2. The rotor according to claim 1, wherein the cumulative width of all the poles at their narrowest point is at least twice the cumulative width of all the notches at their widest point.

3. An uninterruptible power supply machine comprising a synchronous machine coupled to a kinetic energy accumulator, the kinetic energy accumulator comprising: a frame; a main shaft rotatably mounted in the frame and being coupled to the synchronous machine; a coaxial hollow drum capable of rotating freely around the main shaft and independent thereof; an electric motor for launching the drum up to a certain speed at the uninterruptible power supply start-up, in order to accumulate kinetic energy in the drum; a rotor fixed on the main shaft coaxially with the drum and provided with coils connected to an exciter in order to achieve an electromagnetic coupling between the drum and the rotor in an event of a failure of a network in order to recover the kinetic energy stored in the drum so as to drive the synchronous machine when an electric current is sent to the coils of the rotor through the exciter; wherein the rotor is the rotor according to claim 1.
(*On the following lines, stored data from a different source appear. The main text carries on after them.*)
Section CutSide.
Variables (R : realType) (M : LStr R) (D I : set M) (b : M).
Hypotheses (ML : slattice M) (Icut : is_cut I).
Hypothesis Isep : forall x y, I x -> ~ I y -> slt x y.
Hypothesis Dcof : forall a, I a -> exists u, [/\ I u, D u & sle a u].
Hypothesis Ib : ~ I b.
Local Notation F := (fun x => dist_set x D).

Lemma inf_between_cut y : I y -> inf_between F b y <= 0.
Proof.
move=> Iy; have [u [Iu Du yu]] := Dcof Iy; have [ub _] := Isep Iu Ib.
apply: le_trans (inf_between_le b y u (dist_set_lbound D)) _.
by rewrite sle_join_idl // ub dist_set_mem.
Qed.

Lemma le_inf_between_out r y : (forall v, ~ I v -> sle v b -> r <= F v) ->
  ~ I y -> sle y b -> r <= inf_between F b y.
Proof.
move=> rF Iy yb; apply: le_inf_between => z; apply: rF; last exact: sle_meetr.
case: Icut => _ Idown _ Iw; apply/Iy/(Idown _ _ _ Iw).
exact (sle_meet ML (sle_joinr ML z y) yb).
Qed.

Lemma step_lower_bound r eta c : 0 <= eta -> (forall v, ~ I v -> sle v b -> r <= F v) ->
  F b <= r + eta -> - eta <= inf_between F b (c ⊓ b) - inf_between F b (ssucc (c ⊓ b)).
Proof.
move=> eta_ge0 rF Fb; have cb := sle_meetr ML c b.
have := inf_between_le_top b ML (ssucc (c ⊓ b)) (dist_set_lbound D).
have [Icb|nIcb] := pselect (I (c ⊓ b)).
  have := @le_inf_between _ _ F b (c ⊓ b) 0 (fun z => dist_set_ge0 D ((z ⊔ (c ⊓ b)) ⊓ b)).
  case: Icut => _ _ /(_ _ Icb) /inf_between_cut; lra.
by have := le_inf_between_out rF nIcb cb; lra.
Qed.

Lemma cut_violates_jump_ineq a kappa eps s : I a -> 0 < kappa -> 0 < eps -> eps <= s ->
  (forall v, ~ I v -> sle v b -> s <= F v) -> F b < s + kappa * eps / 2 ->
  kappa * (inf_between F b a - inf_between F b b)
    < inf (range (fun c => inf_between F b (c ⊓ b) - inf_between F b (ssucc (c ⊓ b)))).
Proof.
move=> Ia kappa_gt0 eps_gt0 eps_s sF Fb; set X := inf _.
have rho_a := inf_between_cut Ia.
have rho_b : s <= inf_between F b b := le_inf_between_out sF Ib (sle_refl ML b).
have eta_ge0 : 0 <= kappa * eps / 2 by rewrite divr_ge0 // ltW // mulr_gt0.
have step_lb : - (kappa * eps / 2) <= X.
  apply: lb_le_inf => [|_ [c _ <-]]; last exact (step_lower_bound c eta_ge0 sF (ltW Fb)).
  by exists (inf_between F b (b ⊓ b) - inf_between F b (ssucc (b ⊓ b))), b.
have : kappa * (inf_between F b a - inf_between F b b) <= kappa * (- eps).
  by rewrite ler_pM2l //; lra.
have : 0 < kappa * eps by rewrite mulr_gt0.
lra.
Qed.

End CutSide.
4. The uninterruptible power supply machine according to claim 3, wherein the cumulative width of all of the poles at their narrowest point is at least twice the cumulative width of all of the notches at their widest point.

5. The uninterruptible power supply machine according to claim 3, wherein the rotor of the kinetic energy accumulator is such that it allows an instantaneous current density at the coils which is greater than 8 Amp/mm.sup.2.

6. The uninterruptible power supply machine according to claim 5, wherein the rotor of the kinetic energy accumulator is such that it can support without failing an instantaneous current density at the coils which is greater than 8 Amp/mm.sup.2 for a period of at least twelve seconds.

7. The uninterruptible power supply machine according to claim 3, wherein the exciter comprises a stator having coils and a rotor which is fixed on the main shaft, the coils of the stator being connected to a source of at least one of alternating AC electric current and direct DC current.

8. The uninterruptible power supply machine according to claim 3, wherein the stator of the electric motor is produced in the form of a Gramme ring.

9. The uninterruptible power supply machine according to claim 8, wherein the Gramme ring is connected to a variable frequency power supply.

10. The uninterruptible power supply machine according to claim 3, wherein the drum is made of steel.

11. The uninterruptible power supply machine according claim 3, wherein the uninterruptible power supply machine has an energy capacity of at least 8 MJ in an output power range between 200 kW and 1400 kW.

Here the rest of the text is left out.